Performance of techniques for correctly implementing lazy initialization (original) (raw)
by Doug Lea
[This note was originally sent as email by Doug Lea on the Java Memory Model mailing list in response to questions about the performance of a technique implementing lazy initialization using ThreadLocals -- Bill Pugh]
The main concern, that I should have mentioned before, is that ThreadLocal varies tremendously in speed across JVMs and JDK versions. On most 1.2.x JVMs, performance is so bad in this context that you'd never want to use it. (The main reason is that until 1.3 ThreadLocal internally used WeakHashMaps, which are needlessly heavy. The 1.4 version will in turn be faster than 1.3.)
You can usually avoid this uncertainty though if you need to.
If you can create and use your own thread subclass, you can implement your own variants of ThreadLocals. (See Section 2.3.2.1 of the 2nd edition of my CPJ book). In fact, if you know in advance all of the singletons you'll use, you don't need a table, just fields in the thread subclass will do. You can squeeze times even further if you can just pass in Thread refs rather than looking it up each time via Thread.currentThread. The attached file shows examples/hacks. I'm not sure I recommend any of this, but if you are going to go this route, you might as well make it both fast and correct.
Due to the nice folks at http://www.testdrive.compaq.com, I did test out some of this on alphas. (Testdrive is a very nice service! Anyone can register. It would be great if other MP vendors did this too.)
The fastest versions of Java I could find on MP alphas at testdrive were 1.2.2 VMs on a 2X500 running Tru64 and a 4X667 running linux. The 4-CPU box failed some of Bill's "volatile" tests (athttp://www.cs.umd.edu/~pugh/java/memoryModel/). I gather that these JVMs don't use enough barriers even for "old" volatile (which is itself insufficient to guarantee double check).
The machines were NOT idle (load average was usually around one), but repeated tests gave about the same ratios, so these figures are probably in the right ballpark.
Here are results (the 3rd and 4th columns are 4-CPU sparc, and the last 2 columns are results on basically the same tests, taken from last post) Table entries are ratios compared to "Eager" version of Singleton.
CPUs | 4-CPU | 2-CPU | 4-CPU | 4-CPU | 2-CPU | 1-CPU |
---|---|---|---|---|---|---|
chip | alpha | alpha | sparc | sparc | x86 | sparc |
OS | linux | Tru64 | sol 8 | sol8 | ? | Sol 98 |
JDK | 1.2.2 | 1.2.2 | 1.3 | 1.2.2_07 | 1.3 | 1.3 |
Eager | 1.00 | 1.00 | 1.00 | 1.00 | 1.00 | 1.00 |
Volatile(DCL) | 1.09 | 1.01 | 1.22 | 1.34 | 1.31 | 1.18 |
ThreadLocal | 300.80 | 17.84 | 6.32 | 240.74 | 6.50 | 5.01 |
SimThreadLocal | 4.43 | 4.19 | 4.81 | 2.39 | ? | ? |
Synch | 189.26 | 5.73 | 69.03 | 66.41 | 32.12 | 9.64 |
Thread Field | 2.16 | 2.71 | 4.16 | 2.00 | ? | ? |
Direct Field | 1.00 | 1.25 | 1.18 | 1.29 | ? | ? |
Notes:
- The run on 4-CPU sparc under 1.2.2_07 demonstrates above remark that ThreadLocal was unusable in this context until 1.3.
- SimThreadLocal handcrafts something close to the 1.4 ThreadLocal implementation, in a way that works on pre-1.4.
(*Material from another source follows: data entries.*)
Lemma ball_hom_along_path {q p m T} :
  path gaifman q p -> size p <= m <= K -> ball_hom kappa (rep q) m T ->
  exists2 T', ball_hom kappa (rep (last q p)) (m - size p) T'
            & within I (size p) (T (rep q)) (T' (rep (last q p))).
Proof.
elim: p q m T => [|q1 p IH] q m T /=; first by rewrite subn0 => _ _ HT; exists T.
move=> /andP [/gaifman_edge [x [y [Hx Hy Hxy]]] Hp] /andP [pm mK] HT.
have m_range : 0 < m <= K by rewrite mK andbT; apply: leq_trans pm.
have [T1 HT1 HT1w] := ball_hom_transfer m_range Hx (simk_sym Hy) Hxy HT.
have [|T' HT' HT'w] := IH q1 m.-1 T1 Hp _ HT1; first by apply/andP; split; lia.
exists T'; first by rewrite subnS -subn1 subnAC subn1.
by have := within_trans HT1w HT'w; rewrite add1n.
Qed.

Lemma transfer_exists q :
  exists T, ball_hom kappa (rep q) (K - k.-1) T /\ within I k.-1 (centre q) (T (rep q)).
Proof.
case/connect_short_path: (connect_root_sym gaifman_sym q) => p [Hp Hlast p_lt].
have pk : size p <= k.-1 by have := leq_trans p_lt cardQ; lia.
have [|T HT HTw] := ball_hom_along_path Hp _ (ball_hom_id (kappa:=kappa) _ K).
  by apply/andP; split; lia.
rewrite Hlast in HT HTw; exists T; split; first by apply: ball_hom_le HT; lia.
exact: within_le pk HTw.
Qed.

Definition transfer q : I -> I :=
  proj1_sig (constructive_indefinite_description _ (transfer_exists q)).

Lemma transferP q :
  ball_hom kappa (rep q) (K - k.-1) (transfer q) /\
  within I k.-1 (centre q) (transfer q (rep q)).
Proof. by rewrite /transfer; case: constructive_indefinite_description. Qed.

Definition coloured q := isSome (kappa (rep q)).

(* Uncoloured points are alone in their [~]-class, so uncoloured edges of [Q] are
   realised exactly by edges of [I]. *)
Definition block : rel QT := fun q q' => [&& ~~ coloured q, ~~ coloured q' & gaifman q q'].

Lemma block_sym : symmetric block.
Proof. by move=> q q'; rewrite /block gaifman_sym; case: (coloured q); case: (coloured q'). Qed.

Lemma simk_rep_uncoloured {q x} : ~~ coloured q -> simk I kappa K x (rep q) -> x = rep q.
Proof. by rewrite /coloured => Hq /simk_uncoloured; apply; case: (kappa _) Hq. Qed.

Lemma block_edge q q' : block q q' -> adj I (rep q) (rep q').
Proof.
case/and3P=> uq uq' /gaifman_edge [x [y [Hx Hy Hxy]]].
by rewrite -(simk_rep_uncoloured uq Hx) -(simk_rep_uncoloured uq' Hy).
Qed.

Lemma within_block_path {q p} :
  path block q p -> within I (size p) (rep q) (rep (last q p)).
Proof.
elim: p q => [|q1 p IH] q //=.
case/andP=> /block_edge Hq Hp.
by have := within_trans (within1_adj Hq) (IH _ Hp); rewrite add1n.
Qed.

Lemma within_block_root q : within I k.-1 (rep (root block q)) (rep q).
Proof.
case/connect_short_path: (connect_root_sym block_sym q) => p [Hp Hlast p_lt].
have := within_block_path Hp; rewrite Hlast; apply: within_le.
by have := leq_trans p_lt cardQ; lia.
Qed.

Lemma centre_block_root q : centre (root block q) = centre q.
Proof.
apply/centre_connect/(connect_sub _ (connect_root_sym block_sym q)).
by move=> a b /and3P [_ _ Hab]; apply: connect1.
Qed.

Definition lift q := transfer (root block q) (rep q).

Lemma lift_anchor {q x} : simk I kappa K x (rep q) ->
  exists2 G, ball_hom kappa x 1 G & G x = lift q /\ within I (k.-1 + k.-1) (centre q) (G x).
Proof.
move=> Hx; have k_gt0 := card_pos q.
have [f1 Hf1 f1x] := simk_ball_hom Hx.
have [HT HTw] := transferP (root block q).
have Hq := within_block_root q.
have HTq : ball_hom kappa (rep q) (K - k.-1 - k.-1) (transfer (root block q)).
  by apply: ball_hom_shift HT Hq; lia.
rewrite -f1x in HTq.
have HG := ball_hom_comp (ball_hom_le (leq_subr _ _) (ball_hom_le (leq_subr _ _) Hf1)) HTq.
exists (transfer (root block q) \o f1); first by apply: ball_hom_le _ HG; lia.
rewrite /= f1x; split=> //.
rewrite -centre_block_root; apply: within_trans HTw _.
by apply: ball_hom_within HT _ Hq; lia.
Qed.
- Again, I'm pretty sure the alpha JVMs didn't put in enough barriers in Volatils/DCL code. This is not their fault. They weren't required to. But these results are wrong (too fast) for a properly barriered version. In fact, on this set of runs, NONE of the volatile results are likely to be exactly right (all too fast).
- "Direct Field" differs from "Thread Field" by directly referencing the singleton field off the thread object rather than going through Thread.currentThread. This doesn't apply very often in practice, but shows the best possible results you could ever get via this kind of design.
- As always, remember that this is a microbenchmark, that might not have much relevance to practical use of singletons.